“我已經...死了嗎?”
身體已經完全無法動彈,意識也逐漸變得模模糊糊的,而且...好累,好冷......好想就這麽永遠的沉睡下去......
在這片無邊無際的黑暗中,已經變得半透明的鳶一折紙就這麽漂浮在這裡,她拖著冰冷而又疲勞的身體,似乎就要永遠的融入這片無際的黑暗。
睜開已經失去了光芒的雙眼,想到被精靈殺害的雙親以及保護精靈的士織,她突然感受到了孤獨與痛苦。
“到頭來...什麽都沒有做到啊......”
不管是為父母報仇,還是對士織的那份感情...自己什麽都做不到......
恍惚間,宛如走馬燈一般,她又好像看到了與士織一起相處的點點滴滴。
希望自己的死亡…不會讓她,太過於難過吧……
意識逐漸消失,在這片無際的黑暗中,鳶一折紙疲憊的閉上了雙眼,準備迎接自己的死亡的結局。
然而,在這片黑暗中,隱藏在其中的某個人卻不會讓她就此永眠在這片黑暗之中。
“醒...一醒...”
黑暗中,似乎傳來了這麽一道呼喚著鳶一折紙的聲音。
那是一道十分低沉的聲音,但在這片寂靜的黑暗中卻顯得十分突然。
是臨死前的錯覺嗎?
如果是的話,鳶一折紙到希望出現的不是這種難聽的聲音,而是士織那溫柔而甜美的嗓音。
這樣想著,鳶一折紙在來著那十分無語的眼神下皺了皺眉。
“鳶...一折紙,睜開眼睛,我是......”
這次傳來的並不只有那低沉的聲音,還有一陣十分強烈的晃動。
這使鳶一折紙用僅剩的一點力氣睜開了她的雙眼,這才看到一雙好似長有鱗片的雙手正用力的搖晃著自己。
“是...誰?”
鳶一折紙有些好奇,為什麽在自己死前的意識世界裡還有著其他的生物存在。
而這時,聽到了鳶一折紙虛弱的回答的絕望惡魔才滿意的收回了手,然後點點頭,正式的報上了自己編造好的名號。
“鳶一折紙,你醒了,我是巴耶力。

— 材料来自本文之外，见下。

Lemma insect_p_prefix_mean (x : word q n) h :
  \sum_z insect_p R x z * h z = \sum_(1 <= i < n.+1) insect_weight i * prefix_mean (n - i) h x.
Proof.
under eq_bigr => z _ do rewrite insect_pE mulr_suml.
rewrite exchange_big; apply: eq_big_nat => i /andP[_ hi].
rewrite /insect_weight /prefix_mean card_pref_class ?leq_subr // subKn //.
have qi_neq0 : (q ^ i)%:R != 0 :> R by rewrite pnatr_eq0 expn_eq0; lia.
rewrite mulrA mulfK // big_distrr [RHS]big_mkcond; apply: eq_bigr => z _.
by case: ifP; rewrite ?mul0r.
Qed.

Lemma insect_p_eigen a g (x : word q n) :
  \sum_z insect_p R x z * prefix_mean_diff a g z = insect_eigenvalue a * prefix_mean_diff a g x.
Proof.
rewrite insect_p_prefix_mean /insect_eigenvalue big_distrl /=; apply: eq_bigr => i _.
by rewrite prefix_mean_diffE; case: ifP; rewrite ?mulr0 ?mul0r.
Qed.

Lemma insect_eigenvalue_lt a b : (a < b <= n)%N -> insect_eigenvalue b < insect_eigenvalue a.
Proof.
move=> /andP[ab bn].
have wpos i : (1 <= i <= n)%N -> 0 < insect_weight i.
  by move=> hi; rewrite mulr_gt0 ?iterm_gt0 // ltr0n expn_gt0; apply/orP; left; lia.
suff : insect_eigenvalue b + insect_weight (n - a) <= insect_eigenvalue a.
  have : 0 < insect_weight (n - a) by apply: wpos; lia.
  lra.
have -> : insect_weight (n - a) =
    \sum_(1 <= i < n.+1) (if i == (n - a)%N then insect_weight i else 0).
  by rewrite -big_mkcond big_nat1_eq ifT //; lia.
rewrite /insect_eigenvalue -big_split /=; apply: ler_sum_nat => i /andP[i1 iN].
have wi : 0 < insect_weight i by apply: wpos; lia.
case: eqP => [->|_]; first by rewrite ifF ?ifT ?add0r //; lia.
rewrite addr0; case: ifP => hb; first by rewrite ifT //; lia.
by case: ifP => _; rewrite ?lexx ?ltW.
Qed.

Lemma insect_eigenvalue_inj : {in index_iota 0 n.+1 &, injective insect_eigenvalue}.
Proof.
move=> a b; rewrite !mem_index_iota => ha hb e.
have neq c d : (c < d <= n)%N -> insect_eigenvalue c != insect_eigenvalue d.
  by move/insect_eigenvalue_lt; rewrite lt_def => /andP[].
case: (ltngtP a b) => // h; exfalso.
- have /neq : (a < b <= n)%N by lia.
  by rewrite e eqxx.
- have /neq : (b < a <= n)%N by lia.
  by rewrite e eqxx.
Qed.

End InsectSpectrum.

Section EigenComponents.
Variables (R : fieldType) (T : finType) (rel : T -> T -> Prop) (K : T -> T -> R).
Local Open Scope ring_scope.
Hypothesis K_homo : forall g : T -> R, {homo g : x y / rel x y >-> x = y} ->
  {homo (fun x => \sum_z K x z * g z) : x y / rel x y >-> x = y}.

(* If K preserves rel-invariance, so does K - mu_b; applied to a sum of
   eigenfunctions it kills the b-component and rescales the others, which
   gives an induction on the number of distinct eigenvalues. *)
Lemma eigen_components_homo (mu : nat -> R) (s : seq nat) (G : nat -> T -> R) :
  uniq s -> {in s &, injective mu} ->
  (forall a x, a \in s -> \sum_z K x z * G a z = mu a * G a x) ->
  {homo (fun x => \sum_(a <- s) G a x) : x y / rel x y >-> x = y} ->
  forall a, a \in s -> {homo G a : x y / rel x y >-> x = y}.
Proof.
elim: s G => [|b s IH] G //= /andP[bs us] mu_inj eigen sum_homo.
have mu_neq a : a \in s -> mu a - mu b != 0.
  move=> ha; rewrite subr_eq0; apply: contraNneq bs => /mu_inj <-; rewrite ?inE ?ha ?orbT //.
  by rewrite eqxx.
pose G' a x := (mu a - mu b) * G a x.
have G'_homo : forall a, a \in s -> {homo G' a : x y / rel x y >-> x = y}.
  apply: IH => // [a1 a2 h1 h2|a' x ha'|x y hxy]; first by apply: mu_inj; rewrite inE ?h1 ?h2 orbT.
    under eq_bigr => z _ do rewrite mulrCA.
    by rewrite -mulr_sumr eigen ?inE ?ha' ?orbT // mulrCA.
  have shift w : \sum_(a <- s) G' a w =
      \sum_z K w z * (\sum_(a <- b :: s) G a z) - mu b * \sum_(a <- b :: s) G a w.
    have -> : \sum_z K w z * (\sum_(a <- b :: s) G a z) = \sum_(a <- b :: s) mu a * G a w.
      under eq_bigr => z _ do rewrite big_distrr.
      by rewrite exchange_big; apply: eq_big_seq => c hc; exact: eigen.
    rewrite !big_cons mulrDr big_distrr /= opprD addrACA subrr add0r -sumrB.
    by apply: eq_bigr => c _; rewrite /G' mulrBl.
  by rewrite !shift (K_homo sum_homo hxy) (sum_homo _ _ hxy).
have G_homo a : a \in s -> {homo G a : x y / rel x y >-> x = y}.
  by move=> ha x y /(G'_homo a ha); apply: mulfI; exact: mu_neq.
move=> a; rewrite inE => /orP[/eqP ->|]; last exact: G_homo.
move=> x y hxy; have := sum_homo x y hxy; rewrite !big_cons.
by rewrite (eq_big_seq (fun a => G a y)) => [/addIr|c hc]; last exact: G_homo.
Qed.

End EigenComponents.

Section Lumpability.
Variables (R : realFieldType) (q n : nat) (P : {set {set word q n}}).
Hypotheses (hq : (2 <= q)%N) (hn : (1 <= n)%N).
Hypotheses (partP : partition P [set: word q n]) (lumpP : lumpable R P).
Local Open Scope ring_scope.

Lemma lumpable_homo (g : word q n -> R) :
  {homo g : x y / pblock P x = pblock P y >-> x = y} ->
  {homo (fun x => \sum_z insect_p R x z * g z) : x y / pblock P x = pblock P y >-> x = y}.
Proof.
move=> g_homo u v huv; have /and3P[/eqP coverP trivP _] := partP.
have in_cover w : w \in cover P by rewrite coverP inE.
have blocks w : \sum_z insect_p R w z * g z = \sum_(L in P) \sum_(z in L) insect_p R w z * g z.
  by rewrite -big_trivIset // coverP; apply: eq_bigl => z; rewrite inE.
rewrite !blocks; apply: eq_bigr => L LP.
have [->|[w0 Lw0]] := set_0Vmem L; first by rewrite !big_set0.
have gL z : z \in L -> g z = g w0.
  by move=> Lz; apply: g_homo; rewrite (def_pblock trivP LP Lz) (def_pblock trivP LP Lw0).
rewrite (eq_bigr (fun z => insect_p R u z * g w0)) => [|z /gL -> //].
rewrite [RHS](eq_bigr (fun z => insect_p R v z * g w0)) => [|z /gL -> //].
rewrite -!mulr_suml; congr (_ * _); apply: (lumpP (pblock_mem (in_cover u)) LP).
- by rewrite mem_pblock.
- by rewrite huv mem_pblock.
Qed.

Lemma lumpable_counts_agree : counts_agree (pblock P) (pblock P).
Proof.
move=> x y exy k lab; rewrite !(prefix_count_minn _ _ k).
have k_le : (minn k n <= n)%N by rewrite geq_minr.
move: (minn k n) k_le => {}k k_le.
pose f z : R := (pblock P z == lab)%:R.
have diff_homo a : a \in index_iota 0 n.+1 ->
    {homo prefix_mean_diff a f : u v / pblock P u = pblock P v >-> u = v}.
  apply: (@eigen_components_homo _ _ _ _ lumpable_homo (insect_eigenvalue R q n) _
            (fun a => prefix_mean_diff a f) (iota_uniq 0 n.+1)).
  - exact: insect_eigenvalue_inj.
  - by move=> c u _; exact: insect_p_eigen.
  - by move=> u v huv; rewrite !sum_prefix_mean_diff !prefix_meann /f huv.
have : prefix_mean k f x = prefix_mean k f y.
  rewrite -!sum_prefix_mean_diff; apply: eq_big_nat => a ha.
  by apply: diff_homo exy; rewrite mem_index_iota; lia.
have qk_neq0 : ((q ^ (n - k))%:R : R)^-1 != 0 by rewrite invr_eq0 pnatr_eq0 expn_eq0; lia.
rewrite !prefix_mean_indicator !card_pref_class //.
by move/(mulfI qk_neq0)/eqP; rewrite eqr_nat => /eqP.
Qed.

End Lumpability.

Unset Implicit Arguments.
Theorem theorem15 (R : realFieldType) (q n : nat) (hq : (2 <= q)%N) (hn : (1 <= n)%N)
  (P : {set {set word q n}}) :
  partition P [set: word q n] -> lumpable R P ->
  exists K : {group {perm word q n}},
    K \subset tree_aut q n /\
    [set orbit 'P K x | x in [set: word q n]] = P.
Proof.
move=> partP lumpP; have /and3P[/eqP coverP trivP set0P] := partP.
have in_cover x : x \in cover P by rewrite coverP inE.
have orbitE x : orbit 'P (tree_aut_group q n :&: label_stab_group (pblock P))%G x = pblock P x.
  rewrite orbit_tree_aut_label_stab; last exact: lumpable_counts_agree hq hn partP lumpP.
  by apply/setP => y; rewrite inE eq_sym eq_pblock.
exists (tree_aut_group q n :&: label_stab_group (pblock P))%G; split; first exact: subsetIl.
apply/setP => B; apply/imsetP/idP => [[x _ ->]|BP]; first by rewrite orbitE pblock_mem.
have /set0Pn[x Bx] : B != set0 by apply: contraNneq set0P => <-.
by exists x; rewrite ?inE // orbitE (def_pblock trivP BP Bx).
Qed.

”
“是能夠為你帶來向那些精靈復仇的絕望力量的使者!”
說罷,看著鳶一折紙那像是重新充滿了渴望與仇恨的雙眼,他十分紳士的對鳶一折紙禮貌的彎下了腰。
然而,塔·伊沙背在後面的手裡拿著的卻是一本正散發著幽光的魔導書。
臉上帶著的,則是充滿了狂妄與陰險的笑容。
他已經趁著鳶一折紙心理毫無防備的時候通過暗示魔術誘導了她的思想,接下來只要讓她簽下了契約,他的計劃就能正式啟動了!
接下來,只要讓鳶一折紙按照他的想法行動,那他的計劃將必定能完成!
屆時不管是來殺他的那個惡魔,還是其他什麽東西,都無法阻止他對這個世界釋放究極黑暗!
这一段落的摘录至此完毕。